The contrast with European adoption remains stark. In European markets, biosimilar adoption for established products routinely reaches 70 to 90 percent market share within a few years of launch. Norway achieved above 90 percent biosimilar market share for infliximab. Germany reached 70 percent biosimilar adalimumab market share within two years. The U.S. has lagged, though the gap is narrowing. IQVIA data shows that U.S. adalimumab biosimilar adoption was modest in the first year after launch but surged after month 14 as PBM formulary strategies shifted, doubling by month 20. The acceleration reflects the power of formulary decisions: coverage and contracting drive adoption far more than clinical differentiation, because there is no clinically meaningful difference between a biosimilar and its reference product.

The adalimumab market illustrates the trajectory at its most competitive. AbbVie’s Humira earned approximately $200 billion in cumulative U.S. revenue since its 2002 launch, peaking at $21 billion annually. Amjevita (Amgen) became the first FDA-approved Humira biosimilar in 2016 but could not launch until January 2023 due to patent litigation settlements. By 2025, nine FDA-approved adalimumab biosimilars were on the market, with seven holding interchangeable designations that allow pharmacist substitution without prescriber consultation. The competitive pressure has produced real savings. CVS Caremark removed Humira from its major commercial formularies in 2024 in favor of a private-label biosimilar sourced through Cordavis. By 2025, Humira had vanished from the standard commercial formularies of all three major PBMs: Express Scripts, CVS Caremark, and Optum Rx.

The PBM market for biosimilars has shifted toward private-label and white-label products. Express Scripts’ formulary covers biosimilars marketed through its affiliate Quallent Pharmaceuticals. CVS Caremark covers Cordavis-branded products. Optum Rx covers products through its Nuvaila subsidiary.

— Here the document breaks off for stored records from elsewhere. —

Lemma RInt_poisson_binomial_upd js p i g f : NoDup js -> ex_RInt f 0 1 ->
  RInt (fun t => poisson_binomial js (upd p i (f t)) g) 0 1 =
  poisson_binomial js (upd p i (RInt f 0 1)) g.
Proof.
  intros Hnd Hf.
  set (A := poisson_binomial js (upd p i 0) g).
  set (B := poisson_binomial js (upd p i 1) g - A).
  rewrite (poisson_binomial_upd_affine _ _ _ _ (RInt f 0 1) Hnd); fold A B.
  rewrite (RInt_ext _ (fun t => plus A (scal B (f t)))).
  2:{ intros t _; rewrite (poisson_binomial_upd_affine _ _ _ _ (f t) Hnd); fold A B.
      unfold plus, scal; simpl; unfold mult; simpl; ring. }
  rewrite (RInt_plus (V := R_CompleteNormedModule)), RInt_const,
    (RInt_scal (V := R_CompleteNormedModule)) by auto using ex_RInt_const, ex_RInt_scal.
  unfold plus, scal; simpl; unfold mult; simpl; ring.
Qed.

Lemma sumR_app l1 l2 : sumR (l1 ++ l2) = sumR l1 + sumR l2.
Proof. induction l1 as [|a l1 IH]; simpl; [ring|]; rewrite IH; ring. Qed.

Lemma sumR_map_affine {A} (L : list A) (F G : A -> R) a b :
  sumR (map (fun c => a * F c + b * G c) L) = a * sumR (map F L) + b * sumR (map G L).
Proof. induction L as [|c L IH]; simpl; [ring|]; rewrite IH; ring. Qed.

Lemma sumR_flat_map {A B} (L : list A) (f : B -> R) (h : A -> list B) :
  sumR (map f (flat_map h L)) = sumR (map (fun c => sumR (map f (h c))) L).
Proof. induction L as [|c L IH]; simpl; auto; rewrite map_app, sumR_app, IH; auto. Qed.

Lemma sumR_cfgs_poisson_binomial W x m : forall k g,
  sumR (map (fun c => cfg_prob W x k c * g (ntrue c)) (cfgs m)) =
  poisson_binomial (seq k m) (fun j => W (x 1%nat) (x j)) g.
Proof.
  induction m as [|m IH]; intros k g; simpl; [unfold ntrue; simpl; ring|].
  rewrite sumR_flat_map.
  rewrite (map_ext _ (fun c => W (x 1%nat) (x k) * (cfg_prob W x (S k) c * g (S (ntrue c)))
                    + (1 - W (x 1%nat) (x k)) * (cfg_prob W x (S k) c * g (ntrue c)))).
  2:{ intros c; unfold ntrue; simpl; ring. }
  rewrite sumR_map_affine, (IH (S k) (fun j => g (S j))), IH; auto.
Qed.

Definition indic_le (n : nat) (d : R) (k : nat) : R :=
  if Rle_dec (INR k / INR n) d then 1 else 0.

The consolidation of biosimilar formulary placement within PBM-affiliated distribution channels has implications for small group plans, addressed below.

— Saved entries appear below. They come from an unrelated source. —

Lemma sum_convex_comb (R : realType) (T : finType) l (f g : T -> R) :
  \sum_t (l * f t + (1 - l) * g t) = l * \sum_t f t + (1 - l) * \sum_t g t.
Proof. by rewrite big_split /= -!mulr_sumr. Qed.

Lemma ler_convex_comb (R : realType) (l p p' q q' : R) : 0 <= l <= 1 ->
  p <= q -> p' <= q' -> l * p + (1 - l) * p' <= l * q + (1 - l) * q'.
Proof.
case/andP=> l_ge0 l_le1 pq pq'.
by rewrite lerD // ler_wpM2l // subr_ge0.
Qed.

Lemma ltr_convex_comb (R : realType) (l p q m : R) : 0 <= l <= 1 ->
  p < m -> q < m -> l * p + (1 - l) * q < m.
Proof.
case/andP=> l_ge0 l_le1 pm qm; case: (lerP p q) => [pq|qp].
  have : l * p <= l * q by exact: ler_wpM2l.
  lra.
have : (1 - l) * q <= (1 - l) * p by apply: ler_wpM2l; [rewrite subr_ge0 | exact: ltW].
lra.
Qed.

Lemma sum_line (R : realType) (T : finType) (f delta : T -> R) r :
  \sum_t line f delta r t = \sum_t f t + r * \sum_t delta t.
Proof. by rewrite big_split /= mulr_sumr. Qed.

Section BudgetBox.
Variables (R : realType) (T : finType) (b : T -> R) (k : nat).
Hypothesis b01 : binary b.

Definition budget_box (f : T -> R) : Prop :=
  (forall t, 0 <= f t <= b t) /\ \sum_t f t <= k%:R.

Definition frac_support (f : T -> R) : {set T} := [set t | 0 < f t < 1].

Lemma budget_box_le1 f t : budget_box f -> f t <= 1.
Proof. by case=> /(_ t) /andP[_ le_fb] _; case: (b01 t) le_fb => -> ?; lra. Qed.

Beyond adalimumab, the biosimilar pipeline continues to expand. Multiple ustekinumab (Stelara) biosimilars launched in early 2025, with four interchangeable designations granted by May 2025. Stelara generated over $10 billion in annual global revenue at its peak, making its loss of exclusivity the next major biosimilar savings opportunity after adalimumab. The FDA approved the first interchangeable omalizumab (Xolair) biosimilar in 2025. Biosimilars for infliximab (Remicade), rituximab (Rituxan), trastuzumab (Herceptin), bevacizumab (Avastin), and pegfilgrastim (Neulasta) have been available for several years with varying adoption rates.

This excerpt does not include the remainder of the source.